**Work instruction**. The answer must consist of every line in the records that contains the word "apply".

**Source data**.
Lemma barrier_le K z : 0 <= K -> in_H z ->
  barrier K z <= K * damping (d/4) (height_index z) / shifted_height z.
Proof.
intros HK Hz.
assert (HY : 1 <= shifted_height z).
{ unfold shifted_height, in_H in *. apply IZR_le in Hz. pose proof D_ge2. lra. }
pose proof (damping_pos (d/4) (height_index z) ltac:(pose proof d_le; lra)) as Ha.
pose proof (barrier_profile_le d (IZR (fst z)) (shifted_height z) d_pos ltac:(lra)).
unfold barrier, Rdiv. rewrite Rmult_assoc. apply Rmult_le_compat_l; [exact HK|].
apply Rmax_lub; [apply Rmult_le_pos; [lra | left; apply Rinv_0_lt_compat; lra]|].
apply Rmult_le_compat_l; lra.
Qed.

Lemma walk_avg_barrier K z1 z2 m : (1 <= z2)%Z -> height_index (z1, z2) = S m ->
  (forall w, (Z.abs (fst w - z1) + Z.abs (snd w - z2) <= 1)%Z ->
     0 <= barrier_profile d (IZR (fst w)) (shifted_height w)) ->
  let X := IZR z1 in let Y := shifted_height (z1, z2) in let e := d / 4 in
  walk_avg (barrier K) (z1, z2)
  = K * damping e (S m) / 4
    * (barrier_profile d (X + 1) Y + barrier_profile d (X - 1) Y
       + (1 - e / (Y + 1)) * barrier_profile d X (Y + 1)
       + (Y / (Y - e)) * barrier_profile d X (Y - 1)).
Proof.
intros Hz2 Em Hnb X Y e.
assert (He : 0 < e < 1) by (pose proof d_le; unfold e; lra).
assert (HY : INR m + 1 = Y).
{ rewrite <- S_INR, <- Em. apply height_index_INR. unfold in_H; simpl; lia. }
assert (Hr := barrier_at K ((z1 + 1)%Z, z2) (S m) Y Em eq_refl
  (Hnb ((z1 + 1)%Z, z2) ltac:(simpl; lia))).
assert (Hl := barrier_at K ((z1 - 1)%Z, z2) (S m) Y Em eq_refl
  (Hnb ((z1 - 1)%Z, z2) ltac:(simpl; lia))).
assert (hu : shifted_height (z1, (z2 + 1)%Z) = Y + 1)
  by (unfold Y, shifted_height; simpl; rewrite plus_IZR; ring).
assert (hd : shifted_height (z1, (z2 - 1)%Z) = Y - 1)
  by (unfold Y, shifted_height; simpl; rewrite minus_IZR; ring).
assert (Hu := barrier_at K (z1, (z2 + 1)%Z) (S (S m)) (Y + 1)
  ltac:(unfold height_index in *; simpl in *; lia) hu
  ltac:(rewrite <- hu; apply Hnb; simpl; lia)).
assert (Hd := barrier_at K (z1, (z2 - 1)%Z) m (Y - 1)
  ltac:(unfold height_index in *; simpl in *; lia) hd
  ltac:(rewrite <- hd; apply Hnb; simpl; lia)).
unfold walk_avg; simpl fst; simpl snd.
rewrite Hr, Hl, Hu, Hd; simpl fst; rewrite plus_IZR, minus_IZR; fold X e.
rewrite (damping_S e (S m)), (damping_S e m), S_INR, HY.
pose proof (pos_INR m). field; repeat split; lra.
Qed.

**Answer to this problem**.
{ unfold shifted_height, in_H in *. apply IZR_le in Hz. pose proof D_ge2. lra. }
unfold barrier, Rdiv. rewrite Rmult_assoc. apply Rmult_le_compat_l; [exact HK|].
apply Rmax_lub; [apply Rmult_le_pos; [lra | left; apply Rinv_0_lt_compat; lra]|].
apply Rmult_le_compat_l; lra.
{ rewrite <- S_INR, <- Em. apply height_index_INR. unfold in_H; simpl; lia. }
  ltac:(rewrite <- hu; apply Hnb; simpl; lia)).
  ltac:(rewrite <- hd; apply Hnb; simpl; lia)).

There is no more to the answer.